_Data for analysis:_
(* Let $(H,f)$ be a vertex-weighted graph where $H$ is connected with at least one edge and $f$ is not identically zero, and let $G=L(H,f)$. Then $k(G)=1$ if one of the following holds: (i) $f(u)=f(v)=1$ for some edge $uv$ of $H$; (ii) $f(v)\le 1$ for every vertex $v$ of $H$.
   Context: All graphs are finite and simple. For a digraph $D$, its competition graph $C(D)$ has vertex set $V(D)$, two distinct vertices $u,v$ adjacent iff some vertex $x$ satisfies $(u,x),(v,x)\in A(D)$. The competition number $k(G)$ is the smallest nonnegative integer $k$ such that $G$ together with $k$ new isolated vertices is the competition graph of an acyclic digraph. For a positive integer $m$, $CP(m)$ is the complete multipartite graph with $m$ parts each of size two ($CP(1)$ is two nonadjacent vertices). A vertex-weighted graph $(H,f)$ is a graph $H$ with $f:V(H)\to\mathbb{Z}_{\ge0}$. The generalized line graph $L(H,f)$ is obtained from the disjoint union of the line graph $L(H)$ (vertex set $E(H)$, two distinct edges adjacent iff they share an endpoint) and the graphs $Q_v:=CP(f(v))$ for each $v$ with $f(v)>0$, by adding all edges between every vertex of $Q_v$ and every $e\in E(H)$ incident to $v$. *)

From mathcomp Require Import all_boot.
Set Implicit Arguments. Unset Strict Implicit. Unset Printing Implicit Defensive.

Definition simple_graph (T : finType) (g : rel T) : Prop :=
  symmetric g /\ irreflexive g.

(* A digraph D on a finType is a relation (arc set); it is acyclic iff it has
   no directed cycle (loops included). *)
Definition acyclic (T : finType) (a : rel T) : Prop :=
  ~ (exists x y, a x y /\ connect a y x).

Definition add_isolated (T : finType) (g : rel T) (k : nat) : rel (T + 'I_k) :=
  fun x y => match x, y with inl u, inl v => g u v | _, _ => false end.

Definition is_competition_graph_of (T : finType) (g : rel T) (a : rel T) : Prop :=
  forall u v, u != v -> g u v = [exists x, a u x && a v x].

Definition comp_ok (T : finType) (g : rel T) (k : nat) : Prop :=
  exists a : rel (T + 'I_k), acyclic a /\ is_competition_graph_of (@add_isolated T g k) a.

Definition competition_number_is (T : finType) (g : rel T) (k : nat) : Prop :=
  comp_ok g k /\ forall j, j < k -> ~ comp_ok g j.
Lemma tag_normoo_attained y i : exists2 s, tag s = i & tag_normoo y i = `|y s|.
Proof.
have [s /eqP s_i normooE] :=
  @eq_bigmax _ _ S 0 (Tagged (fun k => 'I_(d k).+1) ord0) (fun s => tag s == i)
    (fun s => `|y s|) (eqxx i) (fun s _ => normr_ge0 (y s)).
by exists s.
Qed.

Lemma tag_normoo_gt0 y i : sphere y -> 0 < tag_normoo y i.
Proof.
move=> /sphere_prodP /(_ i) sum1; rewrite ltNge; apply/negP => normoo_le0.
have y_fibre0 s : tag s == i -> y s ^+ 2 = 0.
  move=> /eqP s_i; have : `|y s| <= 0.
    by rewrite (le_trans (tag_normoo_ge y s)) ?s_i.
  by rewrite normr_le0 => /eqP ->; rewrite expr0n.
by move: sum1; rewrite big1 // => /esym/eqP; rewrite oner_eq0.
Qed.

Lemma to_sphere_mem x : cube x -> sphere (to_sphere x).
Proof.
move=> x_cube; apply/sphere_prodP => i.
rewrite /to_sphere; under eq_bigr => s /eqP -> do rewrite expr_div_n.
rewrite -mulr_suml -(sum_fibre_tag (fun t => x t ^+ 2)) /fibre_norm2.
rewrite sqr_sqrtr ?divff //.
  by rewrite gt_eqF // -sqrtr_gt0 fibre_norm2_gt0.
by rewrite sumr_ge0 // => t _; rewrite sqr_ge0.
Qed.

Lemma to_cube_mem y : sphere y -> cube (to_cube y).
Proof.
move=> y_sph; have normoo_gt0 i := tag_normoo_gt0 i y_sph.
split=> [t|i].
  rewrite /to_cube normrM normfV (gtr0_norm (normoo_gt0 _)).
  by rewrite ler_pdivrMr // mul1r -tag_h tag_normoo_ge.
have [s s_i normooE] := tag_normoo_attained y i.
exists (h' s); first by rewrite p_h'.
rewrite /to_cube h'K p_h' s_i normrM normfV (gtr0_norm (normoo_gt0 _)).
by rewrite normooE divff // -normooE gt_eqF.
Qed.

Lemma tag_normoo_to_sphere x i :
  cube x -> tag_normoo (to_sphere x) i = (fibre_norm2 x i)^-1.
Proof.
move=> x_cube; have [x_le1 /(_ i)[t pt xt]] := x_cube.
have n_gt0 := fibre_norm2_gt0 i x_cube.
apply/le_anti/andP; split.
  apply: bigmax_le => [|s /eqP s_i]; first by rewrite invr_ge0 ltW.
  rewrite /to_sphere s_i normrM normfV (gtr0_norm n_gt0).
  by rewrite -[leRHS]mul1r ler_wpM2r ?x_le1 // invr_ge0 ltW.
apply: (bigmax_sup (h t)); first by rewrite tag_h pt.
by rewrite /to_sphere hK tag_h pt normrM xt mul1r normfV (gtr0_norm n_gt0).
Qed.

_Task brief:_ Please transcribe each entry exactly, keeping every word as it is.

_Task response:_
(* Let $(H,f)$ be a vertex-weighted graph where $H$ is connected with at least one edge and $f$ is not identically zero, and let $G=L(H,f)$. Then $k(G)=1$ if one of the following holds: (i) $f(u)=f(v)=1$ for some edge $uv$ of $H$; (ii) $f(v)\le 1$ for every vertex $v$ of $H$.
   Context: All graphs are finite and simple. For a digraph $D$, its competition graph $C(D)$ has vertex set $V(D)$, two distinct vertices $u,v$ adjacent iff some vertex $x$ satisfies $(u,x),(v,x)\in A(D)$. The competition number $k(G)$ is the smallest nonnegative integer $k$ such that $G$ together with $k$ new isolated vertices is the competition graph of an acyclic digraph. For a positive integer $m$, $CP(m)$ is the complete multipartite graph with $m$ parts each of size two ($CP(1)$ is two nonadjacent vertices). A vertex-weighted graph $(H,f)$ is a graph $H$ with $f:V(H)\to\mathbb{Z}_{\ge0}$. The generalized line graph $L(H,f)$ is obtained from the disjoint union of the line graph $L(H)$ (vertex set $E(H)$, two distinct edges adjacent iff they share an endpoint) and the graphs $Q_v:=CP(f(v))$ for each $v$ with $f(v)>0$, by adding all edges between every vertex of $Q_v$ and every $e\in E(H)$ incident to $v$. *)

From mathcomp Require Import all_boot.
Set Implicit Arguments. Unset Strict Implicit. Unset Printing Implicit Defensive.

Definition simple_graph (T : finType) (g : rel T) : Prop :=
  symmetric g /\ irreflexive g.

(* A digraph D on a finType is a relation (arc set); it is acyclic iff it has
   no directed cycle (loops included). *)
Definition acyclic (T : finType) (a : rel T) : Prop :=
  ~ (exists x y, a x y /\ connect a y x).

Definition add_isolated (T : finType) (g : rel T) (k : nat) : rel (T + 'I_k) :=
  fun x y => match x, y with inl u, inl v => g u v | _, _ => false end.

Definition is_competition_graph_of (T : finType) (g : rel T) (a : rel T) : Prop :=
  forall u v, u != v -> g u v = [exists x, a u x && a v x].

Definition comp_ok (T : finType) (g : rel T) (k : nat) : Prop :=
  exists a : rel (T + 'I_k), acyclic a /\ is_competition_graph_of (@add_isolated T g k) a.

Definition competition_number_is (T : finType) (g : rel T) (k : nat) : Prop :=
  comp_ok g k /\ forall j, j < k -> ~ comp_ok g j.
Lemma tag_normoo_attained y i : exists2 s, tag s = i & tag_normoo y i = `|y s|.
Proof.
have [s /eqP s_i normooE] :=
  @eq_bigmax _ _ S 0 (Tagged (fun k => 'I_(d k).+1) ord0) (fun s => tag s == i)
    (fun s => `|y s|) (eqxx i) (fun s _ => normr_ge0 (y s)).
by exists s.
Qed.

Lemma tag_normoo_gt0 y i : sphere y -> 0 < tag_normoo y i.
Proof.
move=> /sphere_prodP /(_ i) sum1; rewrite ltNge; apply/negP => normoo_le0.
have y_fibre0 s : tag s == i -> y s ^+ 2 = 0.
  move=> /eqP s_i; have : `|y s| <= 0.
    by rewrite (le_trans (tag_normoo_ge y s)) ?s_i.
  by rewrite normr_le0 => /eqP ->; rewrite expr0n.
by move: sum1; rewrite big1 // => /esym/eqP; rewrite oner_eq0.
Qed.

Lemma to_sphere_mem x : cube x -> sphere (to_sphere x).
Proof.
move=> x_cube; apply/sphere_prodP => i.
rewrite /to_sphere; under eq_bigr => s /eqP -> do rewrite expr_div_n.
rewrite -mulr_suml -(sum_fibre_tag (fun t => x t ^+ 2)) /fibre_norm2.
rewrite sqr_sqrtr ?divff //.
  by rewrite gt_eqF // -sqrtr_gt0 fibre_norm2_gt0.
by rewrite sumr_ge0 // => t _; rewrite sqr_ge0.
Qed.

Lemma to_cube_mem y : sphere y -> cube (to_cube y).
Proof.
move=> y_sph; have normoo_gt0 i := tag_normoo_gt0 i y_sph.
split=> [t|i].
  rewrite /to_cube normrM normfV (gtr0_norm (normoo_gt0 _)).
  by rewrite ler_pdivrMr // mul1r -tag_h tag_normoo_ge.
have [s s_i normooE] := tag_normoo_attained y i.
exists (h' s); first by rewrite p_h'.
rewrite /to_cube h'K p_h' s_i normrM normfV (gtr0_norm (normoo_gt0 _)).
by rewrite normooE divff // -normooE gt_eqF.
Qed.

Lemma tag_normoo_to_sphere x i :
  cube x -> tag_normoo (to_sphere x) i = (fibre_norm2 x i)^-1.
Proof.
move=> x_cube; have [x_le1 /(_ i)[t pt xt]] := x_cube.
have n_gt0 := fibre_norm2_gt0 i x_cube.
apply/le_anti/andP; split.
  apply: bigmax_le => [|s /eqP s_i]; first by rewrite invr_ge0 ltW.
  rewrite /to_sphere s_i normrM normfV (gtr0_norm n_gt0).
  by rewrite -[leRHS]mul1r ler_wpM2r ?x_le1 // invr_ge0 ltW.
apply: (bigmax_sup (h t)); first by rewrite tag_h pt.
by rewrite /to_sphere hK tag_h pt normrM xt mul1r normfV (gtr0_norm n_gt0).
Qed.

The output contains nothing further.